▶ _Task directions_: From the records below, copy out each line that has the word "Hfull".

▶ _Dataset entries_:
(* Let $n\ge4$ and $\sigma=(\sigma_1,\dots,\sigma_{n-2})\in\Sigma_n$. Let $\mathbf A\in\mathcal G_n$ and let $x,y\in\mathcal G_n(\mathbf A,\mathbf C_n)$ with $x\ne y$. Then the following are equivalent: (1) $x^{-1}(\top)=y^{-1}(\top)$; (2) $\omega\circ x=\omega\circ y$; (3) there is a finite sequence $z_0=x,z_1,\dots,z_N=y$ of elements of $\mathcal G_n(\mathbf A,\mathbf C_n)$ such that for each $0\le j<N$ there is some $i_j\in\{1,\dots,n-3\}$ with $z_{j+1}=\sigma_{i_j}\circ z_j$ or $z_j=\sigma_{i_j}\circ z_{j+1}$.
   Context: $\mathbf C_n$ is the Heyting algebra whose universe is the chain $\{0<1<\dots<n-1\}$, with lattice operations min and max, $\bot=0$, $\top=n-1$, and $a\to b=\top$ if $a\le b$, $a\to b=b$ if $b<a$. $\mathcal G_n$ is the class of algebras isomorphic to subalgebras of direct powers of $\mathbf C_n$; $\mathcal G_n(\mathbf A,\mathbf C_n)$ is the set of Heyting homomorphisms $\mathbf A\to\mathbf C_n$; $\operatorname{ran}$ denotes image. $\mathbf 2$ is the two-element bounded lattice and $\omega\colon\mathbf C_n\to\{0,1\}$ is the bounded-lattice homomorphism with $\omega(\top)=1$, $\omega(k)=0$ for $k<\top$. For $n\ge4$: for $1\le i\le n-2$, $h_i$ is the endomorphism of $\mathbf C_n$ with $h_i(k)=k+1$ if $i\le k<n-1$ and $h_i(k)=k$ otherwise (so $\operatorname{ran}h_i=C_n\setminus\{i\}$). For $1\le i\le n-3$, $g_i$ is the partial map with domain $C_n\setminus\{i\}$ given by $g_i(i+1)=i$ and $g_i(k)=k$ for $k\notin\{i,i+1\}$, and $f_i\colon C_n\setminus\{i+1\}\to C_n\setminus\{i\}$ is its inverse; these are partial endomorphisms (homomorphisms from a subalgebra of $\mathbf C_n$ into $\mathbf C_n$). $\Sigma_n=\{f_1,g_1\}\times\dots\times\{f_{n-3},g_{n-3}\}\times\{h_1,\dots,h_{n-2}\}$, whose elements are written $\sigma=(\sigma_1,\dots,\sigma_{n-2})$. For a homomorphism $z$ into $\mathbf C_n$ and a partial map $p$ on $C_n$, $p\circ z$ is defined exactly when $\operatorname{ran}z\subseteq\operatorname{dom}p$. *)

From mathcomp Require Import all_boot.
Unset Printing Implicit Defensive.

Record HSig := {
  carrier :> Type;
  hmeet : carrier -> carrier -> carrier;
  hjoin : carrier -> carrier -> carrier;
  himp  : carrier -> carrier -> carrier;
  hbot  : carrier;
  htop  : carrier }.

(* The chain C_n has universe 'I_n = {0,...,n-1}; its operations, on values:
   min, max, 0, n-1, and a -> b = n-1 if a <= b, b otherwise.
   [respects n A v] says v : A -> nat (the values of a map A -> C_n) preserves
   all Heyting operations. *)
Definition respects (n : nat) (A : HSig) (v : A -> nat) : Prop :=
  (forall a b, v (hmeet A a b) = minn (v a) (v b)) /\
  (forall a b, v (hjoin A a b) = maxn (v a) (v b)) /\
  (forall a b, v (himp A a b) = if v a <= v b then n.-1 else v b) /\
  v (hbot A) = 0 /\ v (htop A) = n.-1.

Definition is_hom (n : nat) (A : HSig) (x : A -> 'I_n) : Prop :=
  @respects n A (fun a => nat_of_ord (x a)).

(* A \in G_n: A is isomorphic to a subalgebra of a direct power C_n^I, i.e.
   there is an injective homomorphism A -> C_n^I (homomorphism = each
   coordinate is a homomorphism). *)
Definition in_Gn (n : nat) (A : HSig) : Prop :=
  exists (I : Type) (e : A -> I -> 'I_n),
    (forall a b, e a = e b -> a = b) /\ (forall i, is_hom n A (fun a => e a i)).

(* Partial maps on C_n (given on values). *)
Record pmap := { pdom : nat -> bool; pfun : nat -> nat }.

Definition h_map (n i : nat) : pmap :=
  {| pdom := fun _ => true;
     pfun := fun k => if (i <= k) && (k < n.-1) then k.+1 else k |}.
Definition g_map (i : nat) : pmap :=
  {| pdom := fun k => k != i;
     pfun := fun k => if k == i.+1 then i else k |}.
Definition f_map (i : nat) : pmap :=
  {| pdom := fun k => k != i.+1;
     pfun := fun k => if k == i then i.+1 else k |}.

(* An element sigma of Sigma_n: for each 1 <= i <= n-3 a choice between f_i
   (true) and g_i (false) (values of [sig_choice] outside 1..n-3 are ignored),
   and an index 1 <= j <= n-2 selecting h_j as last component. *)
Record Sigma (n : nat) := {
  sig_choice : nat -> bool;
  sig_h : nat;
  sig_h_ok : (1 <= sig_h) && (sig_h <= n - 2) }.

Definition sigma_at (n : nat) (s : Sigma n) (i : nat) : pmap :=
  if i == n - 2 then h_map n (sig_h n s)
  else if sig_choice n s i then f_map i else g_map i.

(* [comp_eq p z w] : w = p o z, where p o z is defined (ran z \subseteq dom p). *)
Definition comp_eq (n : nat) (A : HSig) (p : pmap) (z w : A -> 'I_n) : Prop :=
  (forall a, pdom p (nat_of_ord (z a))) /\ (forall a, nat_of_ord (w a) = pfun p (nat_of_ord (z a))).

Definition omega (n : nat) (k : 'I_n) : nat := if nat_of_ord k == n.-1 then 1 else 0.

From mathcomp Require Import all_boot zify.
From Stdlib Require Import Classical FunctionalExtensionality.

(* For (3) -> (1): every component sigma_i with 1 <= i <= n-3 is f_i or g_i,
   and both fix the top n-1 and send non-top values to non-top values, so each
   step of a chain preserves the preimage of the top.
   For (2) -> (3) we use canonical forms.  If a homomorphism z misses the value
   i, then g_i o z is again a homomorphism, linked to z by one step; iterating
   such steps closes the gaps in the range of z, so every z is linked to a
   "packed" homomorphism, whose values below the top form an initial segment
   {0, ..., m}.  Since z a <= z b iff z (a -> b) = top, the order induced on A
   by a homomorphism depends only on its top-preimage; a packed homomorphism
   sends each a to the rank of its value in that order, hence is determined by
   its top-preimage.  So x and y are linked to the same packed homomorphism,
   and linkedness (an equivalence relation) yields the chain. *)

Set Implicit Arguments.
Unset Strict Implicit.

Lemma omega_eq n (k l : 'I_n) :
  omega n k = omega n l <-> (nat_of_ord k == n.-1) = (nat_of_ord l == n.-1).
Proof. by rewrite /omega; split; do 2 case: eqP. Qed.

Lemma sigma_at_low n (s : Sigma n) i : 1 <= i <= n - 3 ->
  sigma_at n s i = if sig_choice n s i then f_map i else g_map i.
Proof. by move=> Hi; rewrite /sigma_at ifN //; apply/eqP; lia. Qed.

Lemma sigma_low_top n (s : Sigma n) i k : 1 <= i <= n - 3 ->
  (pfun (sigma_at n s i) k == n.-1) = (k == n.-1).
Proof.
by move=> Hi; rewrite sigma_at_low //; case: sig_choice => /=;
  case: ifP => /eqP Ek; apply/eqP/eqP; lia.
Qed.

Lemma g_map_lt n i (v : 'I_n) : pfun (g_map i) v < n.
Proof. by rewrite /=; case: eqP; have := ltn_ord v; lia. Qed.

Section Chains.
Variables (n : nat) (s : Sigma n) (A : HSig).

Definition same_top (z w : A -> 'I_n) : Prop :=
  forall a, (z a == n.-1 :> nat) = (w a == n.-1 :> nat).

Definition adjacent (z w : A -> 'I_n) : Prop :=
  exists i, (1 <= i) && (i <= n - 3) /\
    (comp_eq n A (sigma_at n s i) z w \/ comp_eq n A (sigma_at n s i) w z).

Definition chain (x y : A -> 'I_n) : Prop :=
  exists (N : nat) (z : nat -> A -> 'I_n),
    z 0 = x /\ z N = y /\ (forall j, j <= N -> is_hom n A (z j)) /\
    (forall j, j < N -> adjacent (z j) (z j.+1)).

Lemma adjacent_sym z w : adjacent z w -> adjacent w z.
Proof. by case=> i [Hi Hzw]; exists i; split=> //; tauto. Qed.

Lemma adjacent_top z w : adjacent z w -> same_top z w.
Proof.
case=> i [Hi [[_ Hw] | [_ Hz]]] a; first by rewrite Hw sigma_low_top.
by rewrite Hz sigma_low_top.
Qed.

Inductive linked (z : A -> 'I_n) : (A -> 'I_n) -> Prop :=
| linked_refl : is_hom n A z -> linked z z
| linked_step w u : linked z w -> is_hom n A u -> adjacent w u -> linked z u.

Lemma linked_hom z w : linked z w -> is_hom n A z /\ is_hom n A w.
Proof. by elim=> [Hz | w' u _ [Hz _] Hu _]. Qed.

Lemma linked_trans z w u : linked z w -> linked w u -> linked z u.
Proof. by move=> Lzw; elim=> // w' u' _ IH Hu' Hadj; apply: linked_step Hadj. Qed.

Lemma linked_sym z w : linked z w -> linked w z.
Proof.
elim=> [Hz | w' u Lzw IH Hu Hadj]; first exact: linked_refl.
have [_ Hw'] := linked_hom Lzw.
exact: linked_trans (linked_step (linked_refl Hu) Hw' (adjacent_sym Hadj)) IH.
Qed.

Lemma linked_top z w : linked z w -> same_top z w.
Proof. by elim=> // w' u _ IH _ Hadj a; rewrite IH (adjacent_top Hadj). Qed.

Lemma linked_chain x y : linked x y -> chain x y.
Proof.
elim=> [Hx | w u _ [N [z [z0 [zN [Hz Hadj]]]]] Hu Hwu].
  by exists 0, (fun _ => x); split; [|split; [|split]] => // j; lia.
exists N.+1, (fun j => if j <= N then z j else u); split; [|split; [|split]].
- by [].
- by rewrite ltnn.
- by move=> j Hj; case: ifP => HjN; [exact: Hz | exact: Hu].
- move=> j; rewrite ltnS; case: (ltngtP j N) => // [HjN | ->] _.
    exact: Hadj.
  by rewrite zN.
Qed.

Lemma chain_linked x y : is_hom n A x -> chain x y -> linked x y.
Proof.
move=> Hx [N [z [z0 [zN [Hz Hadj]]]]]; rewrite -zN.
suff : forall j, j <= N -> linked x (z j) by apply.
elim=> [_ | j IH Hj]; first by rewrite z0; apply: linked_refl.
exact: linked_step (IH (ltnW Hj)) (Hz _ Hj) (Hadj _ Hj).
Qed.

Definition lower (i : nat) (z : A -> 'I_n) : A -> 'I_n :=
  fun a => Ordinal (g_map_lt i (z a)).

(* If z misses the value i < n-2, then g_i o z is again a
   homomorphism: g_i is an order embedding of C_n minus {i} fixing 0, n-1. *)
Lemma lower_hom i z : i.+2 < n -> (forall a, nat_of_ord (z a) <> i) ->
  is_hom n A z -> is_hom n A (lower i z).
Proof.
move=> Hi Hzi [Hm [Hj [Himp [Hb Ht]]]]; rewrite /is_hom /respects /lower /=.
do !split.
- by move=> a b; rewrite Hm; repeat case: ifP; lia.
- by move=> a b; rewrite Hj; repeat case: ifP; lia.
- by move=> a b; rewrite Himp; have := Hzi a; have := Hzi b; repeat case: ifP; lia.
- by rewrite Hb.
- by rewrite Ht; case: eqP; lia.
Qed.

(* ... and it is one step away from z: if sigma_i = g_i this step is
   g_i o z itself, and if sigma_i = f_i then z = f_i o (g_i o z). *)
Lemma lower_linked i z : 1 <= i <= n - 3 -> (forall a, nat_of_ord (z a) <> i) ->
  is_hom n A z -> linked z (lower i z).
Proof.
move=> Hi Hzi Hz; apply: linked_step (linked_refl Hz) (lower_hom _ Hzi Hz) _.
  by lia.
exists i; split=> //; rewrite sigma_at_low //; case: sig_choice.
- by right; split=> a /=; have := Hzi a; repeat case: ifP; lia.
- by left; split=> a //=; apply/eqP; apply: Hzi.
Qed.

(* Sliding a value down across a gap: if z misses every value in [p, q),
   then z is linked to the homomorphism sending the value q to p and agreeing
   with z elsewhere (obtained by lowering with g_(q-1), ..., g_p). *)
Lemma slide_down z p q : 1 <= p <= q -> q <= n - 2 -> is_hom n A z ->
  (forall a, ~ (p <= z a < q)) ->
  exists2 w, linked z w & forall a, w a = (if z a == q :> nat then p else z a) :> nat.
Proof.
move=> Hpq; have [d ->] : exists d, q = p + d by exists (q - p); lia.
elim: d z => [|d IH] z Hd Hz Hgap.
  by exists z => [|a]; [apply: linked_refl | rewrite addn0; case: eqP].
have Lz : linked z (lower (p + d) z).
  by apply: lower_linked Hz => [|a]; [lia | have := Hgap a; lia].
have [w Lw Hw] := IH (lower (p + d) z) ltac:(lia) (proj2 (linked_hom Lz))
  ltac:(move=> a /=; have := Hgap a; case: ifP; lia).
exists w => [|a]; first exact: linked_trans Lz Lw.
by rewrite Hw /=; have := Hgap a; repeat case: ifP; lia.
Qed.

Definition packed (k : nat) (z : A -> 'I_n) : Prop :=
  exists m, [/\ m <= k, forall u, 1 <= u <= m -> exists a, z a = u :> nat
              & forall a, ~ (m < z a <= k)].

(* Every homomorphism is linked to a packed one: if the value k+1 occurs,
   slide it down onto the first gap m+1. *)
Lemma packed_linked z k : k <= n - 2 -> is_hom n A z ->
  exists2 w, linked z w & packed k w.
Proof.
move=> + Hz; elim: k => [_ | k IH Hk].
  by exists z; [apply: linked_refl | exists 0; split=> // [u|a]; lia].
have [w Lzw [m [Hmk Hfull Hgap]]] := IH (ltnW Hk).
have [_ Hw] := linked_hom Lzw.
case: (classic (exists a, w a = k.+1 :> nat)) => [[a0 Ha0] | Hmiss]; last first.
  exists w => //; exists m; split=> [|//|a Ha]; first lia.
  by apply: (Hgap a); case: (w a =P k.+1 :> nat) => [E|]; [case: Hmiss; exists a | lia].
have [w' Lww' Hw'] := slide_down (p := m.+1) (q := k.+1) ltac:(lia) Hk Hw
  ltac:(move=> a; have := Hgap a; lia).
exists w'; first exact: linked_trans Lzw Lww'.
exists m.+1; split=> [|u Hu|a]; first lia.
- case: (u =P m.+1) => [-> | Hne]; first by exists a0; rewrite Hw' Ha0 eqxx.
  have [a Ha] := Hfull u ltac:(lia); exists a; rewrite Hw' Ha; case: eqP; lia.
- by rewrite Hw'; have := Hgap a; case: ifP; lia.
Qed.

Lemma hom_le_top z : is_hom n A z ->
  forall a b, (z a <= z b) = (z (himp A a b) == n.-1 :> nat).
Proof.
move=> [_ [_ [Himp _]]] a b; rewrite Himp; have := ltn_ord (z a).
by case: (leqP (z a) (z b)) => [_ _ | Hba Ha]; [rewrite eqxx | apply/esym/eqP; lia].
Qed.

Lemma same_top_le z w : is_hom n A z -> is_hom n A w -> same_top z w ->
  forall a b, (z a <= z b) = (w a <= w b).
Proof. by move=> Hz Hw Hzw a b; rewrite (hom_le_top Hz) (hom_le_top Hw) Hzw. Qed.

(* A packed homomorphism takes every value below any value it takes, up to
   n-2 (the value 0 is taken at the bottom). *)
Lemma packed_downward z : is_hom n A z -> packed (n - 2) z ->
  forall a u, u <= z a <= n - 2 -> exists b, z b = u :> nat.
Proof.
move=> [_ [_ [_ [Hb _]]]] [m [_ Hfull Hgap]] a u Hu.
case: (posnP u) => [-> | Hu0]; first by exists (hbot A).
by apply: Hfull; have := Hgap a; lia.
Qed.

(* Two packed homomorphisms with the same top-preimage agree on every a with
   z a <= v, by induction on v: the value v+1 of z is forced for w, since w
   must place a strictly above a point of value v and cannot skip v+1. *)
Lemma packed_agree z w : is_hom n A z -> is_hom n A w ->
  packed (n - 2) z -> packed (n - 2) w -> same_top z w ->
  forall v, v <= n - 2 -> forall a, z a <= v -> w a = z a :> nat.
Proof.
move=> Hz Hw Pz Pw Hzw; have Hle := same_top_le Hz Hw Hzw.
have [[_ [_ [_ [Hzb _]]]] [_ [_ [_ [Hwb _]]]]] := (Hz, Hw).
elim=> [_ a Ha | v IH Hv a Ha].
  by have := Hle a (hbot A); rewrite Hzb Hwb; lia.
case: (leqP (z a) v) => [|Hva]; first exact: IH (ltnW Hv) a.
have [b Hb] := packed_downward Hz Pz (a := a) (u := v) ltac:(lia).
have Hwb' : w b = v :> nat by rewrite (IH (ltnW Hv)) ?Hb.
have Hwa : v < w a by have := Hle a b; rewrite Hb Hwb'; case: leqP; lia.
have Hwa' : w a <= n - 2.
  by have := Hzw a; have := ltn_ord (w a); case: eqP; case: eqP; lia.
(* w sends a above level v, and below the top, so w also takes value v+1 *)
have [c Hc] := packed_downward Hw Pw (a := a) (u := v.+1) ltac:(lia).
have Hzc : v < z c.
  by rewrite ltnNge; apply/negP => Hzc; have := IH (ltnW Hv) c Hzc; lia.
by have := Hle a c; rewrite Hc; case: leqP; case: leqP; lia.
Qed.

Lemma packed_unique z w : is_hom n A z -> is_hom n A w ->
  packed (n - 2) z -> packed (n - 2) w -> same_top z w -> z = w.
Proof.
move=> Hz Hw Pz Pw Hzw; apply: functional_extensionality => a; apply: val_inj => /=.
case: (z a =P n.-1 :> nat) => [Ha | Ha].
  by have := Hzw a; rewrite Ha eqxx => /esym/eqP ->.
have Hza : z a <= n - 2 by have := ltn_ord (z a); lia.
by rewrite (packed_agree Hz Hw Pz Pw Hzw Hza).
Qed.

End Chains.

Theorem lemma2p3 (n : nat) (Hn : 4 <= n) (s : Sigma n) (A : HSig)
  (HA : in_Gn n A) (x y : A -> 'I_n) (Hx : is_hom n A x) (Hy : is_hom n A y)
  (Hxy : x <> y) :
  let P1 := forall a, (nat_of_ord (x a) == n.-1) = (nat_of_ord (y a) == n.-1) in
  let P2 := forall a, omega n (x a) = omega n (y a) in
  let P3 := exists (N : nat) (z : nat -> A -> 'I_n),
      z 0 = x /\ z N = y /\ (forall j, j <= N -> is_hom n A (z j)) /\
      (forall j, j < N -> exists i, (1 <= i) && (i <= n - 3) /\
         (comp_eq n A (sigma_at n s i) (z j) (z j.+1) \/
          comp_eq n A (sigma_at n s i) (z j.+1) (z j))) in
  (P1 <-> P2) /\ (P2 <-> P3).
Proof.
move=> P1 P2 P3.
have P12 : P1 <-> P2 by split=> H a; apply/omega_eq.
split=> //; split => [/P12 Htop | Hchain]; last first.
  by apply/P12/(linked_top (chain_linked Hx Hchain)).
(* x and y are linked to packed forms, which coincide *)
have [cx Lx Px] := packed_linked s (leqnn (n - 2)) Hx.
have [cy Ly Py] := packed_linked s (leqnn (n - 2)) Hy.
have Ecxy : cx = cy.
  apply: packed_unique (linked_hom Lx).2 (linked_hom Ly).2 Px Py _ => a.
  by rewrite -(linked_top Lx) -(linked_top Ly); apply: Htop.
rewrite -{}Ecxy in Ly.
exact: linked_chain (linked_trans Lx (linked_sym Ly)).
Qed.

▶ _Answer below_:
have [w Lzw [m [Hmk Hfull Hgap]]] := IH (ltnW Hk).
  have [a Ha] := Hfull u ltac:(lia); exists a; rewrite Hw' Ha; case: eqP; lia.
move=> [_ [_ [_ [Hb _]]]] [m [_ Hfull Hgap]] a u Hu.
by apply: Hfull; have := Hgap a; lia.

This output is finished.